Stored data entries
╔══

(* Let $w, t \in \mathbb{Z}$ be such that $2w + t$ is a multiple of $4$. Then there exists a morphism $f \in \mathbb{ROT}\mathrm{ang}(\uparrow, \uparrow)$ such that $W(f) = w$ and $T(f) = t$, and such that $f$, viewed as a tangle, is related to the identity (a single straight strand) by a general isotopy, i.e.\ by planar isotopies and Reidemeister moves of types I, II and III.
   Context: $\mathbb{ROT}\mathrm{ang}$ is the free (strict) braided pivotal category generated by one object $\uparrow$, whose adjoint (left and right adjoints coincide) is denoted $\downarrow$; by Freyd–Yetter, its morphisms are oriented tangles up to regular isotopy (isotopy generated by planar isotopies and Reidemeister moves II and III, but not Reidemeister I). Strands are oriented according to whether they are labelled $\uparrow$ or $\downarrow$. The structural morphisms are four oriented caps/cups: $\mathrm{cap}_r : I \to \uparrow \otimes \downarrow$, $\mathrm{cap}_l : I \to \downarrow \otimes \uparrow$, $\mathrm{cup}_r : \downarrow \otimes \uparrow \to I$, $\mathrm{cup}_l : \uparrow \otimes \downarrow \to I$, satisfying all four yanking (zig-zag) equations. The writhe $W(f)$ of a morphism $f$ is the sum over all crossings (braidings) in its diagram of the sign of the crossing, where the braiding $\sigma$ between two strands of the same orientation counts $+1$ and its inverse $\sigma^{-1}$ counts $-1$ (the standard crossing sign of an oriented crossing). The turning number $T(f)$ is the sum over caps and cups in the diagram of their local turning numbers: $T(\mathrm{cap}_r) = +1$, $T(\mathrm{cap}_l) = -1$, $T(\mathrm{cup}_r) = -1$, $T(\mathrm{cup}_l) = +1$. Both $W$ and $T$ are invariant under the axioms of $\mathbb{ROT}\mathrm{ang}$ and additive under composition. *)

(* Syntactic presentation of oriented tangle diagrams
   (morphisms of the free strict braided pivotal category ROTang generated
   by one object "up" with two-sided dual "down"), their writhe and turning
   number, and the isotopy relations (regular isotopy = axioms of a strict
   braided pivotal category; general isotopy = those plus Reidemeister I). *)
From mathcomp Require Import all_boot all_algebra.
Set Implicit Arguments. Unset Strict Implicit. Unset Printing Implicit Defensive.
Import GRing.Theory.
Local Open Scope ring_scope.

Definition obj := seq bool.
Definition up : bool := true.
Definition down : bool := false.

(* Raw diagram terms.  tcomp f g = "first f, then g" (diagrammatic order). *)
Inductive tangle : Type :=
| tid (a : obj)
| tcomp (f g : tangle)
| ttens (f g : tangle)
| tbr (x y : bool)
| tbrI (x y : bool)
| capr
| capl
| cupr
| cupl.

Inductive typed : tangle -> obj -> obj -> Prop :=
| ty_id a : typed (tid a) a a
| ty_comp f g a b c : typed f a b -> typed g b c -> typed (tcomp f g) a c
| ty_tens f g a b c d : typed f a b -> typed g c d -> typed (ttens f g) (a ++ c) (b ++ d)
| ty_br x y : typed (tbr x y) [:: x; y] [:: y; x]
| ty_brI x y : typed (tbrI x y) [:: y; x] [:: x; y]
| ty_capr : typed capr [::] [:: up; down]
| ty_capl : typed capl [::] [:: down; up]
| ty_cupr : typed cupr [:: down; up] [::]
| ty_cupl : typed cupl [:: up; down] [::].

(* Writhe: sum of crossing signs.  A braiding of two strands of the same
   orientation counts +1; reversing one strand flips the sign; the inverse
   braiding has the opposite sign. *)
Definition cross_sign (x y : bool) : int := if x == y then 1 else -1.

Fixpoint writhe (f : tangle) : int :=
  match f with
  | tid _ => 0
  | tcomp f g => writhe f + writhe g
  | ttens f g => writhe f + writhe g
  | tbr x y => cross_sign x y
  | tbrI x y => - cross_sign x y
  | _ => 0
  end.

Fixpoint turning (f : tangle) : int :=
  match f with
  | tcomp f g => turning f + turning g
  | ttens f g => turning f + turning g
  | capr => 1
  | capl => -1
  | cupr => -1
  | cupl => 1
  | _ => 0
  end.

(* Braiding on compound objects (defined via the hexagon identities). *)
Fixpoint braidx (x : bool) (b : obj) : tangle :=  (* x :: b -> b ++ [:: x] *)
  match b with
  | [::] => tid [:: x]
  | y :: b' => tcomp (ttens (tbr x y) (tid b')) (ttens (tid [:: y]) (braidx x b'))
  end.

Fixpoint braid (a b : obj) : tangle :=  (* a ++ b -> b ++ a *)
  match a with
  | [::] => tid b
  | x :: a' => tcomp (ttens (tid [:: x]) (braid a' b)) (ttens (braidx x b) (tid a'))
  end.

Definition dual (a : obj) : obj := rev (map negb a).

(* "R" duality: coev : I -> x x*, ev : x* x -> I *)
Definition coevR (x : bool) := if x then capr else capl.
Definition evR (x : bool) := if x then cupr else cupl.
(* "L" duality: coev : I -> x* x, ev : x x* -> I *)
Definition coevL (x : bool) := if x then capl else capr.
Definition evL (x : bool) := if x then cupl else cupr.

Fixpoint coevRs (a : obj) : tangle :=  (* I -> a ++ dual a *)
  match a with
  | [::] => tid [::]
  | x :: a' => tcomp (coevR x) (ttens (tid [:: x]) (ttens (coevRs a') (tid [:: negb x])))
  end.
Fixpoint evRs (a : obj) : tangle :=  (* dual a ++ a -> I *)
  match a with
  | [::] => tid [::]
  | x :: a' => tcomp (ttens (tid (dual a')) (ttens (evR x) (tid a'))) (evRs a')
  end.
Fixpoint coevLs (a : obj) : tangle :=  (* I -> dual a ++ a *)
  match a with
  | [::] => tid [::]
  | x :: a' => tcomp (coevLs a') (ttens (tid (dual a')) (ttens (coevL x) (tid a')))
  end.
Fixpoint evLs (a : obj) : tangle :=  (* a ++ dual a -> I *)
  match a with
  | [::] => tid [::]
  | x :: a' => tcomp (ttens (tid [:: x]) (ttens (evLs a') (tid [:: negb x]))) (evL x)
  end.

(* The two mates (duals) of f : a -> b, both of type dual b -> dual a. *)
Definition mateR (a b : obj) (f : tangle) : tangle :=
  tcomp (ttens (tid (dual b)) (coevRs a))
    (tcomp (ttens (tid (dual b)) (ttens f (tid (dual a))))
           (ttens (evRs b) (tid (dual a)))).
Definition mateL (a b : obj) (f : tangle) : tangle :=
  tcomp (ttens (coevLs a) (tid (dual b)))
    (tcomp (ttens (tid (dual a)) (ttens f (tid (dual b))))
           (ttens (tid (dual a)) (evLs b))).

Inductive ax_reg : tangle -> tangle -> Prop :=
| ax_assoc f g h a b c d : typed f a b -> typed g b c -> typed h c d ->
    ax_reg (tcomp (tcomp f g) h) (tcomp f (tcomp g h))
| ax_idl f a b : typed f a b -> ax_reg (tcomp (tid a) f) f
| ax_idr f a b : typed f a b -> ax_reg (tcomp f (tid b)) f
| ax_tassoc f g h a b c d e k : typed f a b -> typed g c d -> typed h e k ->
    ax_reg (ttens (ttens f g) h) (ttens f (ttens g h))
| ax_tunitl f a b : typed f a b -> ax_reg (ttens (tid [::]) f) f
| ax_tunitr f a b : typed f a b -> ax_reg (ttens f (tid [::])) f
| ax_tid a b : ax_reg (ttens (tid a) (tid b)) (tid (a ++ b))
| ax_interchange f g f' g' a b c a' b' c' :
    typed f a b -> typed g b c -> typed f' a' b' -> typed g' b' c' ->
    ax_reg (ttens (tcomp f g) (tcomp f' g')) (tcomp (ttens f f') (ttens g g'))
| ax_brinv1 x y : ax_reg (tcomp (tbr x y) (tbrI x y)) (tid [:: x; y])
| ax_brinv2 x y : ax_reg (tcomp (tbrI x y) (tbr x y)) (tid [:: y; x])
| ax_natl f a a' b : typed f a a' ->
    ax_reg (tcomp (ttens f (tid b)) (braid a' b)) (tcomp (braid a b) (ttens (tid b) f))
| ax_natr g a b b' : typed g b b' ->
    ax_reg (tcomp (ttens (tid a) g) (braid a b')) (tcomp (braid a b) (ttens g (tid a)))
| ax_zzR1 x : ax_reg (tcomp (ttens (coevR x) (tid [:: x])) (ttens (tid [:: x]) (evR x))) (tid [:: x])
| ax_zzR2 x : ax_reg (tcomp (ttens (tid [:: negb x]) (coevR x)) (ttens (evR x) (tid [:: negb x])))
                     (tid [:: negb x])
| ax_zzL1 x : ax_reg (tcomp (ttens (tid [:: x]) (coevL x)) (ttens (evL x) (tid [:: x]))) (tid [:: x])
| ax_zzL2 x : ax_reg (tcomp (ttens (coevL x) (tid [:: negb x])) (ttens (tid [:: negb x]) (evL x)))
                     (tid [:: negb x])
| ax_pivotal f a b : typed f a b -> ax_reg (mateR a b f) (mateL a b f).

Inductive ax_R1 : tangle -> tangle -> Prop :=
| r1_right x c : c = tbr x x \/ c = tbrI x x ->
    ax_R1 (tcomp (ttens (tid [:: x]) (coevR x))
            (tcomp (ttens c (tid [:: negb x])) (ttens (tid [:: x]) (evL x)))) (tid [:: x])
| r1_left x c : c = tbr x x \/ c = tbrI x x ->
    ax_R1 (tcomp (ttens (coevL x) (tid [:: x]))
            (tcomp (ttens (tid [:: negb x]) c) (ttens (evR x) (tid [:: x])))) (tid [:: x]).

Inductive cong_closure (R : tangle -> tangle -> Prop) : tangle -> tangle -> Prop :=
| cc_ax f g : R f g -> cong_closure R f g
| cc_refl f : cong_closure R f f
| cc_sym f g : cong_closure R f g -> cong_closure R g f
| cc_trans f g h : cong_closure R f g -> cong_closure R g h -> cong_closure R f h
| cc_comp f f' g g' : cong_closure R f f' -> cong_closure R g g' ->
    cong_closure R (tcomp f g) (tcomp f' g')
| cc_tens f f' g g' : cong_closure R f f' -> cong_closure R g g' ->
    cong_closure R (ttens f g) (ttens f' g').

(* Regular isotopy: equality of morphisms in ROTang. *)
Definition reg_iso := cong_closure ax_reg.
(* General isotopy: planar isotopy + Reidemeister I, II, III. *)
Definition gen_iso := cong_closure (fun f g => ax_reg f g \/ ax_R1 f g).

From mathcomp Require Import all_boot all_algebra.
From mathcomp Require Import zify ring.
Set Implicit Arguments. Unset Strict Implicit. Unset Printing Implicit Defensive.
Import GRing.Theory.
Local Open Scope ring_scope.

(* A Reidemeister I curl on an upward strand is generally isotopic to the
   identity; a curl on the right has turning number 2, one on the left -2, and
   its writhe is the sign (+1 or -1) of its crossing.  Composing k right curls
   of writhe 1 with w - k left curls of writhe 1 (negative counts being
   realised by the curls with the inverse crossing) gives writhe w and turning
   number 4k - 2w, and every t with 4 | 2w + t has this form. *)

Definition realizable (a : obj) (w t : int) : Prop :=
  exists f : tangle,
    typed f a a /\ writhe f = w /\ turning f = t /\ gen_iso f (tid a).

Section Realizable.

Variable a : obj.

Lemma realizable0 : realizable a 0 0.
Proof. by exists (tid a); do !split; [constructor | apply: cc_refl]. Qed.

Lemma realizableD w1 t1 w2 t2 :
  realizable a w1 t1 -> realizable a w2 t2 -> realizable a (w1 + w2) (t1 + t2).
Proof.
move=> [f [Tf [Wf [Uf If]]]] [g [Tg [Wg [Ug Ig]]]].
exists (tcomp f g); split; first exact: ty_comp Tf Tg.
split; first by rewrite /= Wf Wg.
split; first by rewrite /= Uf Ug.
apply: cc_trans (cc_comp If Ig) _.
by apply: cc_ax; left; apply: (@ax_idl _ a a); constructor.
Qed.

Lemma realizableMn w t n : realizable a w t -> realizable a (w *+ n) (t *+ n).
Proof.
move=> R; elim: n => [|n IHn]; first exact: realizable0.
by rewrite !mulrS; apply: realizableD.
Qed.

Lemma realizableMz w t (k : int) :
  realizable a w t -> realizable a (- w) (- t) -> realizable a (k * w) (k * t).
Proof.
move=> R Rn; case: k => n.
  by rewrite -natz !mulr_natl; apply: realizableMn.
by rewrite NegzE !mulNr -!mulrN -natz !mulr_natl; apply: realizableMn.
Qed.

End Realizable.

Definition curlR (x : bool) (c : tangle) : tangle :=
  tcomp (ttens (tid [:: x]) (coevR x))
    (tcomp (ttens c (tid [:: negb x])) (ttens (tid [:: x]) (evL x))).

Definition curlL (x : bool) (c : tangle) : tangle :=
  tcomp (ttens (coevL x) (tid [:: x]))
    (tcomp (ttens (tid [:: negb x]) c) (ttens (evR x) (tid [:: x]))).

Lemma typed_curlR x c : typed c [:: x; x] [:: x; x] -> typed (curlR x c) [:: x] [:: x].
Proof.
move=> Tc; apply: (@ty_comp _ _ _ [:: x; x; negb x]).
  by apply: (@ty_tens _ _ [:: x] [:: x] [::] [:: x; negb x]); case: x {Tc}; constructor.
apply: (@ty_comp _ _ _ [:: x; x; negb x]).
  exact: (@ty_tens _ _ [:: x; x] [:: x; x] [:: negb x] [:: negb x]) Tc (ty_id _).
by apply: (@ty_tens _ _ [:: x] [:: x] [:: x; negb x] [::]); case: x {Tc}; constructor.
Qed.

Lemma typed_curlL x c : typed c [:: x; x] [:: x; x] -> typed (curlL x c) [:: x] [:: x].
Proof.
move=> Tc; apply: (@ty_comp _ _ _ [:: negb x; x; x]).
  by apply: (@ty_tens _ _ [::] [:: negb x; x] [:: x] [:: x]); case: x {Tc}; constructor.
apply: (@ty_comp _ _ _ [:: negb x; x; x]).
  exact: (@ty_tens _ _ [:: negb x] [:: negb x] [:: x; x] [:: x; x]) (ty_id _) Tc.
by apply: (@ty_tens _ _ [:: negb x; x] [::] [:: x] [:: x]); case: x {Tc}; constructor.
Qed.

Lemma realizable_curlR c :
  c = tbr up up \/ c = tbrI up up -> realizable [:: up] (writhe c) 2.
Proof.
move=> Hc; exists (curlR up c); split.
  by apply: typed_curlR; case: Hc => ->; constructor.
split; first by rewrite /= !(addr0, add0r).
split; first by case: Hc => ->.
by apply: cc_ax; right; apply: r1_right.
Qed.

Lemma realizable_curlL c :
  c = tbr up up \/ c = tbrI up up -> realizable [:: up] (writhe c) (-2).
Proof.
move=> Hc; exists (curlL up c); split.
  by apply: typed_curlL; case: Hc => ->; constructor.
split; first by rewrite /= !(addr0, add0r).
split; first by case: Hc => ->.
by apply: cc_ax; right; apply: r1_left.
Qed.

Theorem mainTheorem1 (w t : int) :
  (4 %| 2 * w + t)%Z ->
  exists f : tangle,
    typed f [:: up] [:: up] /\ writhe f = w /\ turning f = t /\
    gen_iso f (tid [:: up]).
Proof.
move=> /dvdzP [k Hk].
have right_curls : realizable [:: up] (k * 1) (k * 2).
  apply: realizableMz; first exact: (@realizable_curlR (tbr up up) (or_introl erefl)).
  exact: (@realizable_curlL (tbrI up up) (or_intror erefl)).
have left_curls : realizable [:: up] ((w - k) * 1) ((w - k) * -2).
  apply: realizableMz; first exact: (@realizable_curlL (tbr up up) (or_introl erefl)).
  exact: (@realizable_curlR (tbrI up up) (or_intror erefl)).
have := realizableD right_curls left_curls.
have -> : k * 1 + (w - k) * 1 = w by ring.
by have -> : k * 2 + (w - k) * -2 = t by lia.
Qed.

╚══

Both the line containing "Section Realizable." and the line containing "move=> R; elim: n" belong in the answer. Print them and every line above that falls between them exactly, and no others.

Section Realizable.

Variable a : obj.

Lemma realizable0 : realizable a 0 0.
Proof. by exists (tid a); do !split; [constructor | apply: cc_refl]. Qed.

Lemma realizableD w1 t1 w2 t2 :
  realizable a w1 t1 -> realizable a w2 t2 -> realizable a (w1 + w2) (t1 + t2).
Proof.
move=> [f [Tf [Wf [Uf If]]]] [g [Tg [Wg [Ug Ig]]]].
exists (tcomp f g); split; first exact: ty_comp Tf Tg.
split; first by rewrite /= Wf Wg.
split; first by rewrite /= Uf Ug.
apply: cc_trans (cc_comp If Ig) _.
by apply: cc_ax; left; apply: (@ax_idl _ a a); constructor.
Qed.

Lemma realizableMn w t n : realizable a w t -> realizable a (w *+ n) (t *+ n).
Proof.
move=> R; elim: n => [|n IHn]; first exact: realizable0.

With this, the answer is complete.